Она начинает мести и немилосердно стучит щеткой и башмаками. Иногда она поворачивает ко мне розовое лицо с ямками на щеках и задаст мне разные вопросы: «Слышал ли я музыку на улице? Играла полковая музыка и, притом, очень хорошо». Она воодушевляется: «Особенно старались трубачи. Она раньше никогда не слышала таких прекрасных трубачей». Да, отвечаю я. И думаю, что она нарочно надевает лиф с таким низким вырезом. Грудь у нее, как у молодой русалки, бледная, небольшая и нежная, истомленная ласками лунного блеска и поцелуями серебряной воды… Девушка наклоняется и поднимает упавшую кисть. Я вижу розовый кружок на ее левой груди. «Целовал его кто-нибудь?» — спрашиваю я себя и мне становится почему-то холодно.
Девушка, ничего не замечая, рассказывает о прогулке, которую она на днях совершила вместе со своими подругами. «Наломали березок… Нарвали цветов… Лиза поссорилась с приказчиком».
Она подходит ко мне ближе, от нее сильно пахнет дешевыми, наивными духами.
Бедняжка! ведь она тоже хочет нравиться!
— А не видали ли вы там, в роще, зарю? — спрашиваю я. — Это такое растение, с желтыми цветками кучкой, от нее болит голова.
— Нет, — говорит она.
Губы наши так близки, близки… Но ей понадобился коврик, она его хочет выколотить на лестнице. Хорошо! Хорошо!
Она стучит палкой по коврику, и я представляю себе пыльную лестницу, дрожащую в золотых искрах.
Ах, если бы я был деревенским парнем и мы жили бы в деревне… Мне кажется в настоящую минуту, что нет большего счастья, как обнять ее и повалиться вместе с ней на теплую землю, под стог душистого сена, где в сонном вечернем воздухе слабо и кротко дышат умирающие васильки… Вдали красные отблески догоревшего солнечного пожара. И росистая трава… Чьи-то бледные руки вышивают жемчугом по зеленому бархату трав и по желтому сукну сжатого поля.

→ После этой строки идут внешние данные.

Lemma differentiable_big_prod {I : Type} {r : seq I} {P : pred I} {F : I -> V -> K} :
  (forall i, P i -> differentiable (F i) x) ->
  differentiable (fun w => \prod_(i <- r | P i) F i w) x.
Proof.
move=> dF; rewrite -fct_prodE.
by elim/big_ind: _ => // f g; exact: differentiableM.
Qed.

Lemma differentiable_mxP {p q} {A : V -> 'M[K]_(p, q)} :
  differentiable A x <-> forall i j, differentiable (fun w => A w i j) x.
Proof.
split=> [dA i j|dA]; first exact: differentiable_comp dA (differentiable_coord _ i j).
have -> : A = fun w => \sum_i \sum_j A w i j *: delta_mx i j.
  by apply: funext => w; rewrite {1}[A w]matrix_sum_delta.
by do 2!apply: differentiable_big_sum => ? _; exact: differentiableZl.
Qed.

Lemma differentiable_det {k} {A : V -> 'M[K]_k} :
  differentiable A x -> differentiable (fun w => \det (A w)) x.
Proof.
move/differentiable_mxP=> dA; apply: differentiable_big_sum => s _.
apply: differentiableM; first exact: differentiable_cst.
by apply: differentiable_big_prod.
Qed.

Lemma differentiable_adj {k} {A : V -> 'M[K]_k} :
  differentiable A x -> differentiable (fun w => \adj (A w)) x.
Proof.
move=> dA; apply/differentiable_mxP => i j.
under eq_fun do rewrite mxE /cofactor.
apply: differentiableM; first exact: differentiable_cst.
apply: differentiable_det; apply/differentiable_mxP => a b.
under eq_fun do rewrite !mxE.
by move/differentiable_mxP: dA; apply.
Qed.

— Пыльный ваш ковер, — говорит девушка и кладет его у постели.
«Когда нет солнца и когда ночь, — думаю я, — можно зажечь красный костер… И почему это не хорош костер, сложенный из щепок и сухих веток? Ведь он тоже разгорается праздничным пламенем и поднимается к звездам… Разве не так?»
Я встаю со стула и подхожу к девушке. Она совсем не сопротивляется и быстро отдается своим гибким и мягким телом… Глаза ее темнеют и становятся жестокими.
А я так нежен, как первый весенний цветочек, только что раскрывший свою чашечку… Любовь! Любовь! Как бы ты ни зарождалась, ты всегда прекрасна, Любовь! О, будь ты благословенна!
— Ну, мне некогда, — вдруг грубо говорит девушка и тяжело дышит. Она вскакивает, выпрямляется, смотрит на часы, которые висят на стене, и что-то соображает.
— Некогда, — повторяет она.
Грудь ее как-то удовлетворенно поднимается и опускается.
Это ее башмаки застучали по лестнице?
Да, она ушла. Сказка оборвалась.
Сказка!
Я сажусь на постели и печально оглядываю свою убранную мастерскую. Теперь все в порядке.
Сказка!..
Внизу, в угловом чулане, живет гравер с закрученными черными усиками. Девушка побежала теперь к нему. Она тоже любит порядок.
Меня теперь не пугает солнечный свет. Мне все равно.
Я гляжу на усталых павлинов, купающих в бледной крови бахрому своих перьев… И мне кажется, что они оживают, эти павлины, они отделяются от полотна, размножаются с невероятной быстротой и наполняют всю мастерскую своими сломанными перьями, тусклой бахромой перьев, волочащейся в мутной крови… холодными, безжизненными призраками наполняют они воздух. Они стоят, как вечная стена, между мной и ликующей силой жизни.